- **REQUIREMENT**: Each line below from the one containing "unfold sqrt_margin, Csqrt; simpl." through the one containing "Variables a b alpha : R." is to be given again exactly, and no line outside that span.

- **AVAILABLE RECORDS**:
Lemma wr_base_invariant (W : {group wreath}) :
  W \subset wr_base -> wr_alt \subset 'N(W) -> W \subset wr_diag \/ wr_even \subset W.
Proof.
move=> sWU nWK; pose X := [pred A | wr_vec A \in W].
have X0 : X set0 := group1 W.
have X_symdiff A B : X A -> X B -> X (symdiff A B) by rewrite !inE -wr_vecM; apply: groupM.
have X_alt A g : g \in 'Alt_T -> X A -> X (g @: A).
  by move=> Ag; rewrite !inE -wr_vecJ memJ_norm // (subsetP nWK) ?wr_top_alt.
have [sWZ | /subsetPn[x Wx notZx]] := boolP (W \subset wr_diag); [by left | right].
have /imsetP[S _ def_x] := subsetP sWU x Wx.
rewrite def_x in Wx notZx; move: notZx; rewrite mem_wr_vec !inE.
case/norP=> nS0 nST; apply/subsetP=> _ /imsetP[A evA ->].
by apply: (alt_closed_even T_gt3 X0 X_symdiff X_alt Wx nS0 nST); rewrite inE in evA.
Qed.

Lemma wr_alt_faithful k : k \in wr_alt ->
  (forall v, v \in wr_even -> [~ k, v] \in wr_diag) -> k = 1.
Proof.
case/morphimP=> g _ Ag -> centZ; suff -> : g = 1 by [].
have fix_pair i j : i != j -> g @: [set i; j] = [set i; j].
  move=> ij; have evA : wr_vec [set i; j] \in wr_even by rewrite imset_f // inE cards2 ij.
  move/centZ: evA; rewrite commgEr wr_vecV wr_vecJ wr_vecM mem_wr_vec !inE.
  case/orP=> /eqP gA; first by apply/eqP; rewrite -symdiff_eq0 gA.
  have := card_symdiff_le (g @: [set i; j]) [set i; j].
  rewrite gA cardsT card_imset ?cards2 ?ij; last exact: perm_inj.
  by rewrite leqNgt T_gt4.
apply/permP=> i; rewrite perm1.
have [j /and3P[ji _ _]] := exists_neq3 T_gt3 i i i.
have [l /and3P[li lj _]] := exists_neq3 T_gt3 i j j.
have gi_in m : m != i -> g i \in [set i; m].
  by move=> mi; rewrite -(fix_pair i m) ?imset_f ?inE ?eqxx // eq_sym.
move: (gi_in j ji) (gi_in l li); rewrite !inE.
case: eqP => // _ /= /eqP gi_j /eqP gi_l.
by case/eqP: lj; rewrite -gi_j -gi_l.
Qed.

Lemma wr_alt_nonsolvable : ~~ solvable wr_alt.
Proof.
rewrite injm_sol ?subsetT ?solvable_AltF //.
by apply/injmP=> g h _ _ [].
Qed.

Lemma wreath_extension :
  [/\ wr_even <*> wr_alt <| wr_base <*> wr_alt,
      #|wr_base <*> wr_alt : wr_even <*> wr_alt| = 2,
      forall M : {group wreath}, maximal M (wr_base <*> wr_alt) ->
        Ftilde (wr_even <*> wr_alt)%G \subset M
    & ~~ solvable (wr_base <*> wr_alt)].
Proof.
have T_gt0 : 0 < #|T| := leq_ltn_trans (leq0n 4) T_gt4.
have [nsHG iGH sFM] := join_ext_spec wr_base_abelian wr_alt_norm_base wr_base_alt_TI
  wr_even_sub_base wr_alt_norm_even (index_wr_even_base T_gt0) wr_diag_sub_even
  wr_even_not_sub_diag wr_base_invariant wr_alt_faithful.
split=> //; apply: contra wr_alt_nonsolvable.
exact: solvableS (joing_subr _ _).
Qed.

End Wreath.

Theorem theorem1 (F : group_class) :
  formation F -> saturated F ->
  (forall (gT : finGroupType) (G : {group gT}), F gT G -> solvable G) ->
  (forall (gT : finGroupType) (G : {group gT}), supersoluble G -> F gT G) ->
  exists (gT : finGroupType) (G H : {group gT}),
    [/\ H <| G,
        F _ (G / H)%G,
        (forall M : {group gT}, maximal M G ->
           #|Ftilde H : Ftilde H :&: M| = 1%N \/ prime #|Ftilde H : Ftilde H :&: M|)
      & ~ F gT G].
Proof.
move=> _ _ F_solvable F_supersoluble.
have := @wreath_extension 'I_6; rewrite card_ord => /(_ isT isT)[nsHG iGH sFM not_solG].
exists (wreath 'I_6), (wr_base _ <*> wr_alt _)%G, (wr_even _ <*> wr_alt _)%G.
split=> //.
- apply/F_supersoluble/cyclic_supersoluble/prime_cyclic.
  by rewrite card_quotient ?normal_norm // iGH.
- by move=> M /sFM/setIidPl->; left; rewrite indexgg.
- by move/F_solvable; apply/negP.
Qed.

--

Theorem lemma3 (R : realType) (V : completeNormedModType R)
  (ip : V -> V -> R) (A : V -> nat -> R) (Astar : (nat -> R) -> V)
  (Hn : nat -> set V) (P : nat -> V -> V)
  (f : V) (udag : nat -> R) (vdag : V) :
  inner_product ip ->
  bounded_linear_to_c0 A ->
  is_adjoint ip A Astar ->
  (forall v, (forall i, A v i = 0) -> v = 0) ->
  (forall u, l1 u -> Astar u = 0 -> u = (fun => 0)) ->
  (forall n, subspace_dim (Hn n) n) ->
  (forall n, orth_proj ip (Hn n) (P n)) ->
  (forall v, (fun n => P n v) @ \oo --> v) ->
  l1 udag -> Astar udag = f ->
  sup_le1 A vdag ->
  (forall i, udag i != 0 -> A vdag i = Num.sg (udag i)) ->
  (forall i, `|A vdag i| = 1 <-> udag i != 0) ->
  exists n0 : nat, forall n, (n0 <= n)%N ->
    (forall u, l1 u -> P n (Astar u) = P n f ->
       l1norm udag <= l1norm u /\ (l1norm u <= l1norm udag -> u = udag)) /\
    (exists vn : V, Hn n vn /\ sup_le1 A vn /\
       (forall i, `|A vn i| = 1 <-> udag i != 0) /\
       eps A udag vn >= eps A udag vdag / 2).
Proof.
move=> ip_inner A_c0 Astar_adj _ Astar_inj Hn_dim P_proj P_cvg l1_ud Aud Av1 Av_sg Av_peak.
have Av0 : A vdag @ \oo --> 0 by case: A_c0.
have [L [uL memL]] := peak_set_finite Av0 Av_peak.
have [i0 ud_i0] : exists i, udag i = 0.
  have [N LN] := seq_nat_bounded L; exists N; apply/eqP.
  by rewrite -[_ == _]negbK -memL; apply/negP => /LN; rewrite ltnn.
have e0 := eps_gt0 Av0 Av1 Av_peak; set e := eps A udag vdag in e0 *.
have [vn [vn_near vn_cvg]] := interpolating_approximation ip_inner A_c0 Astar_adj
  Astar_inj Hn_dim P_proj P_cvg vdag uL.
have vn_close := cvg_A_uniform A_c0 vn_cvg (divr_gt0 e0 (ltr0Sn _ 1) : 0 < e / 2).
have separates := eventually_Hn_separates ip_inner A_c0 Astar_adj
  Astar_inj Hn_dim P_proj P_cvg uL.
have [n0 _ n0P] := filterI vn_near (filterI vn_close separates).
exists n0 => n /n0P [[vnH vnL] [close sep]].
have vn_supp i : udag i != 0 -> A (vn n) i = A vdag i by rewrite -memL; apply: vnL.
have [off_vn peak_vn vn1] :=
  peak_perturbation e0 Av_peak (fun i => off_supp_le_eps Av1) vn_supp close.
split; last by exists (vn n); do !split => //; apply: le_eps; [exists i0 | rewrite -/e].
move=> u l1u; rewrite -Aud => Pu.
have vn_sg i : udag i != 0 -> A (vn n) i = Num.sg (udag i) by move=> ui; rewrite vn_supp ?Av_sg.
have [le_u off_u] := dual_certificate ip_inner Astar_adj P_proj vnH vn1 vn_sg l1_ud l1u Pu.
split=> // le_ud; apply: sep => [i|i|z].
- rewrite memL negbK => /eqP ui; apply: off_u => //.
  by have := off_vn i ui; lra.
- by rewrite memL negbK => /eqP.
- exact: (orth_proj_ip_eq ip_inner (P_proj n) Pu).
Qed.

---

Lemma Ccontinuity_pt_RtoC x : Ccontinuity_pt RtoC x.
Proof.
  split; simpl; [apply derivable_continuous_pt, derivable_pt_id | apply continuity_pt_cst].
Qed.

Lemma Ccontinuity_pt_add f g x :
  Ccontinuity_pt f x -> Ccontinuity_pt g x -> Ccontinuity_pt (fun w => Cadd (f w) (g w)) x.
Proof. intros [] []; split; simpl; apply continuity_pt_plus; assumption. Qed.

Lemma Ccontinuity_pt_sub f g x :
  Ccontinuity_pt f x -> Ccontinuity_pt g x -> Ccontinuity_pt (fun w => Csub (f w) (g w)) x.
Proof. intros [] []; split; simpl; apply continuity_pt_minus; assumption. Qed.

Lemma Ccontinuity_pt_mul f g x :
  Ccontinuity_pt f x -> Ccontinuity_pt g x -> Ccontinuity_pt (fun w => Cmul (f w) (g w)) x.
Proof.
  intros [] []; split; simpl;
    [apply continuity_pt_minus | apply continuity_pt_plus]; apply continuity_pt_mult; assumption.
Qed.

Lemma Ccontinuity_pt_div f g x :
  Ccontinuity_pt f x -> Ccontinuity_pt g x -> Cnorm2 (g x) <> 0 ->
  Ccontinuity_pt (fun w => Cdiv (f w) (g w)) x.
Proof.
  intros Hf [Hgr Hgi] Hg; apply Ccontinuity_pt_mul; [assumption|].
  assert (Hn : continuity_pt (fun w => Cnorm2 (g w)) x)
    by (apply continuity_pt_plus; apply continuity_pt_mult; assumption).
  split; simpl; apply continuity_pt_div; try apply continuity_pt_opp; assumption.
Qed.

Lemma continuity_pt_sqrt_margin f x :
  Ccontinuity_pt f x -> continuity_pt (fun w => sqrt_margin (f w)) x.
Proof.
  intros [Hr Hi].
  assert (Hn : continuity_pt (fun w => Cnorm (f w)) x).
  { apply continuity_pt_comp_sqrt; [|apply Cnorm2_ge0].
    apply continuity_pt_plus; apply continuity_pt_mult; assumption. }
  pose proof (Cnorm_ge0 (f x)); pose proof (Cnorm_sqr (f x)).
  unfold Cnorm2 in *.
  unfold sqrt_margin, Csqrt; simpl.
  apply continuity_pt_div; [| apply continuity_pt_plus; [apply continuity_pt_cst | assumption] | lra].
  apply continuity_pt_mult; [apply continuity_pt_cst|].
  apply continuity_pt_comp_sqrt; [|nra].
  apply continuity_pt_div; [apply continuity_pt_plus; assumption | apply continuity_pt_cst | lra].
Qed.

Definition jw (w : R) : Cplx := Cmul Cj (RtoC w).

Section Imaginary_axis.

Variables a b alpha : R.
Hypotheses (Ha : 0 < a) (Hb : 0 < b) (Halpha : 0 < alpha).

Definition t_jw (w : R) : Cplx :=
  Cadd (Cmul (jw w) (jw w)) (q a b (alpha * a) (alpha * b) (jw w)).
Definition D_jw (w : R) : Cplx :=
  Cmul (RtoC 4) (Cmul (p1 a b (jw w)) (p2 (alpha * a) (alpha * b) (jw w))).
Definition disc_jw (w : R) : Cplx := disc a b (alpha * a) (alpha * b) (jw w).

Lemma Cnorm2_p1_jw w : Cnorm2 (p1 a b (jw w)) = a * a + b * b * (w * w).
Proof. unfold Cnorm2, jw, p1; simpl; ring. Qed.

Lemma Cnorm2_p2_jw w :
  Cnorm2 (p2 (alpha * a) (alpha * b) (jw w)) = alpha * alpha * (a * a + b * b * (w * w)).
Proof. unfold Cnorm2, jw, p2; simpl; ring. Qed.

- **WRITTEN RESPONSE**:
  unfold sqrt_margin, Csqrt; simpl.
  apply continuity_pt_div; [| apply continuity_pt_plus; [apply continuity_pt_cst | assumption] | lra].
  apply continuity_pt_mult; [apply continuity_pt_cst|].
  apply continuity_pt_comp_sqrt; [|nra].
  apply continuity_pt_div; [apply continuity_pt_plus; assumption | apply continuity_pt_cst | lra].
Qed.

Definition jw (w : R) : Cplx := Cmul Cj (RtoC w).

Section Imaginary_axis.

Variables a b alpha : R.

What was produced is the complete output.